Dr. Pangallo’s publications have appeared in journals such as Review of English StudiesEnglish Literary RenaissanceEarly Theatre, Medieval and Renaissance Drama in England (forthcoming), Early Modern Literary StudiesJournal for Early Modern Cultural StudiesShakespeare Newsletter, Translation and Interpreting Studies, and Notes & Queries. He has contributed chapters to the collections Divining Thoughts: Future Directions in Shakespeare Studies (Cambridge Scholars Publishing, 2007), The Oxford Handbook of Shakespeare (Oxford UP, 2012), A New Companion to Renaissance Drama (Wiley-Blackwell, 2017), Early British Drama in Manuscript (Brepols, forthcoming), and Practicing Shakespeare: Explorations from the Blackfriars Stage (Fairleigh Dickinson Press, forthcoming). He is a contributor to the Lost Plays Database and The Shakespeare Standard. He has presented numerous invited lectures and at numerous academic conferences, including meetings of the Renaissance Society of America, the Shakespeare Association of America, the British Shakespeare Association, the MLA, the Northeast MLA, the Society for Textual Scholarship, the London Forum on Authorship Studies, and at the American Shakespeare Center.

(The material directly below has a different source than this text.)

(* Let $N\geq 2$ and let $\sigma_1,\dots,\sigma_N:\mathbb{R}\to\mathbb{R}$ be functions admitting a Taylor decomposition on $\mathbb{R}$, i.e. $\sigma_i(x)=\sum_{t\ge0}\frac{\sigma_i^{(t)}(0)}{t!}x^t$ for all $x\in\mathbb{R}$. For $i=1,\dots,N$ define $f_i(x)=\sum_{t\geq 0}\frac{|\sigma_i^{(t)}(0)|}{t!}x^t$. Then the function on $\mathcal{I}\times\mathcal{I}$ $$K_N(\mathbf{X},\mathbf{X}'):=f_N\circ\cdots\circ f_2\Big(\sum_{i=1}^{n} f_1\big(\langle \mathbf{X}_i,\mathbf{X}'_i\rangle_{\mathbb{R}^{d}}\big)\Big)$$ is a positive (semi-)definite kernel on $\mathcal{I}$, and its RKHS $H_N$ contains $\mathcal{F}_{(\sigma_i)_{i=1}^N}$, the set of all functions computed by convolutional networks with activations $\sigma_1,\dots,\sigma_N$ (for every choice of numbers of filters and weights). Moreover, if $\sigma_i^{(t)}(0)\neq 0$ for all $i\in\{1,\dots,N\}$ and all $t\geq 0$, then $K_N$ is $c$-universal on $\mathcal{I}$, i.e. $K_N$ is continuous and $H_N$ is dense in $\mathcal{C}(\mathcal{I})$ for the uniform norm.
   Context: Let $d\geq 2$, $n\geq 1$, $S^{d-1}\subset\mathbb{R}^d$ the unit sphere and $\mathcal{I}=(S^{d-1})^n$; write $\mathbf{X}=(\mathbf{X}_1,\dots,\mathbf{X}_n)\in\mathcal{I}$ with $\mathbf{X}_i\in S^{d-1}$ (normalized image patches). Convolutional network: fix $N\ge 2$, activations $\sigma_1,\dots,\sigma_N$, and integers $d_1=d$, $p_1=1$, $n_1=n$; for $k=2,\dots,N$ integers $p_k,d_k,n_k\geq1$; an integer $p_{N+1}\ge1$; and $d_{N+1}=n_N$, $n_{N+1}=1$, with $n_k+d_k-1\le n_{k-1}$ for $k=2,\dots,N+1$. Fix real pooling factors $(\gamma^k_{i,j})_{i,j=1}^{n_k}$ for $k=1,\dots,N$. Weights: $W^k\in\mathbb{R}^{p_{k+1}\times d_kp_k}$ with rows $w^k_1,\dots,w^k_{p_{k+1}}\in\mathbb{R}^{d_kp_k}$ for $k=1,\dots,N$, and $W^{N+1}\in\mathbb{R}^{d_{N+1}p_{N+1}}$. Given $\mathbf{X}^1\in\mathcal{I}$ (viewed as $n_1$ vectors $\mathbf{X}^1_q\in\mathbb{R}^{d_1p_1}$), define recursively for $k=1,\dots,N$: $Z^{k+1}(i,j)=\sum_{q=1}^{n_k}\gamma^k_{i,q}\,\sigma_k(\langle \mathbf{X}^k_q,w^k_j\rangle)$ for $i\le n_k$, $j\le p_{k+1}$; $U_i=(Z^{k+1}(i,1),\dots,Z^{k+1}(i,p_{k+1}))\in\mathbb{R}^{p_{k+1}}$; and $\mathbf{X}^{k+1}_q=(U_q,U_{q+1},\dots,U_{q+d_{k+1}-1})\in\mathbb{R}^{d_{k+1}p_{k+1}}$ for $q=1,\dots,n_{k+1}$ (patch extraction). The network function is $\mathcal{N}_W(\mathbf{X}^1)=\langle \mathbf{X}^{N+1}_1,W^{N+1}\rangle$. $\mathcal{F}_{(\sigma_i)_{i=1}^N,(p_i)}$ is the set of all $\mathcal{N}_W$ over all weights, and $\mathcal{F}_{(\sigma_i)_{i=1}^N}$ is the union of these sets over all choices of the numbers of filters $p_2,\dots,p_{N+1}\ge1$ (the sizes $d_k,n_k$ and pooling factors being fixed arbitrarily). *)

From Stdlib Require Import Reals Lra Lia Factorial.
Open Scope R_scope.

Dr. Pangallo has designed and taught courses in early modern literature, dramatic literature, theater history, and book history at Virginia Commonwealth University, Bates College, Mount Holyoke College, Westfield State University, the University of Massachusetts Amherst, and Salem State University.

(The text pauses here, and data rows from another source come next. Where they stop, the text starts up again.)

(* For all $n\ge 1$, $f(n)<2n$.
   Context: $\mathbb{N}=\{0,1,2,\dots\}$. The sequence $f:\mathbb{N}\to\mathbb{N}$ is defined greedily: $f(0)=0$, and for $n\ge1$, $f(n)$ is the least natural number such that (i) $f(n)\notin\{f(0),f(1),\dots,f(n-1)\}$ and (ii) $\sum_{1\le i\le n} f(i)$ is divisible by $n$. *)

From mathcomp Require Import all_boot.
Set Implicit Arguments. Unset Strict Implicit. Unset Printing Implicit Defensive.

Definition admissible (g : nat -> nat) (n m : nat) : Prop :=
  (forall i, i < n -> g i <> m) /\ n %| (\sum_(1 <= i < n) g i) + m.

Definition greedy_seq (g : nat -> nat) : Prop :=
  g 0 = 0 /\
  forall n, 1 <= n ->
    admissible g n (g n) /\ (forall m, admissible g n m -> g n <= m).

(* Write S(n) = f 1 + ... + f n.  By condition (ii), S(n) = n * c
   for some c (the mean of f 1, ..., f n).  We maintain the invariant
       S(n) = n * c,   c <= n,   and   f i <= c + n  for all i <= n.
   Under it the value c + (n+1) is admissible for f (n+1): it exceeds every
   earlier value, and S(n) + c + (n+1) = (n+1) * (c+1).  By minimality of
   the greedy choice, f (n+1) <= c + n + 1 <= 2n + 1, which is the theorem.
   The invariant propagates: the new mean q with (n+1) * q = n * c + f (n+1)
   satisfies c <= q <= c + 1, an elementary fact about integer quotients. *)
From mathcomp Require Import all_boot zify.

Lemma admissible_next_candidate (g : nat -> nat) (n c : nat) :
  \sum_(1 <= i < n.+1) g i = n * c ->
  (forall i, i <= n -> g i <= c + n) ->
  admissible g n.+1 (c + n.+1).
Proof.
move=> sum_eq g_le; split.
- by move=> i /ltnSE /g_le; lia.
- by rewrite sum_eq; apply/dvdnP; exists c.+1; lia.
Qed.

Lemma next_mean_bounds {n c x q : nat} :
  c <= n -> x <= c + n.+1 -> n * c + x = q * n.+1 -> c <= q <= c.+1.
Proof. by move=> c_le x_le eq_q; apply/andP; split; nia. Qed.

Definition bounded_mean (g : nat -> nat) (n : nat) : Prop :=
  exists c, [/\ \sum_(1 <= i < n.+1) g i = n * c, c <= n &
                forall i, i <= n -> g i <= c + n].

Section GreedyBound.
Variable f : nat -> nat.
Hypothesis hf : greedy_seq f.

Lemma greedy_next_le {n c : nat} :
  \sum_(1 <= i < n.+1) f i = n * c ->
  (forall i, i <= n -> f i <= c + n) ->
  f n.+1 <= c + n.+1.
Proof.
move=> sum_eq f_le; have [_ minimal] := proj2 hf n.+1 erefl.
exact/minimal/admissible_next_candidate.
Qed.

Lemma greedy_bounded_mean (n : nat) : bounded_mean f n.
Proof.
elim: n => [|n [c [sum_eq c_le f_le]]].
  exists 0; split; rewrite ?big_geq // => i; rewrite leqn0 => /eqP ->.
  by rewrite (proj1 hf).
have next_le := greedy_next_le sum_eq f_le.
have [[_ next_dvd] _] := proj2 hf n.+1 erefl.
rewrite sum_eq in next_dvd; case/dvdnP: next_dvd => q eq_q.
have /andP [c_le_q q_le] := next_mean_bounds c_le next_le eq_q.
exists q; split; first by rewrite big_nat_recr //= sum_eq; lia.
- lia.
- move=> i; rewrite leq_eqVlt => /orP [/eqP -> | /f_le]; lia.
Qed.

End GreedyBound.

Theorem mainTheorem2 (f : nat -> nat) (hf : greedy_seq f) :
  forall n, 1 <= n -> f n < 2 * n.
Proof.
case=> [//|n] _.
have [c [sum_eq c_le f_le]] := greedy_bounded_mean f hf n.
have := greedy_next_le f hf sum_eq f_le; lia.
Qed.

He has been the recipient of grants from the Bibliographical Society of the United Kingdom, The Malone Society, and the Shakespeare Association of America, as well as a Jack Kent Cooke Foundation Scholarship and Jacob K. Javits Fellowship, and his scholarship has been recognized with a “Best Essay in Theatre History” prize from the journal Early Theatre and the 2011 Open Paper Competition prize from the Shakespeare Association of America.


Outside of his academic pursuits, Dr. Pangallo is a theatrical director and dramaturge and has worked for Salem Theatre Company as its founding artistic director, Rebel Shakespeare Company, the Massachusetts Center for Interdisciplinary Renaissance Studies, and the Globe Theatre in London. He is also an award-winning book-collector.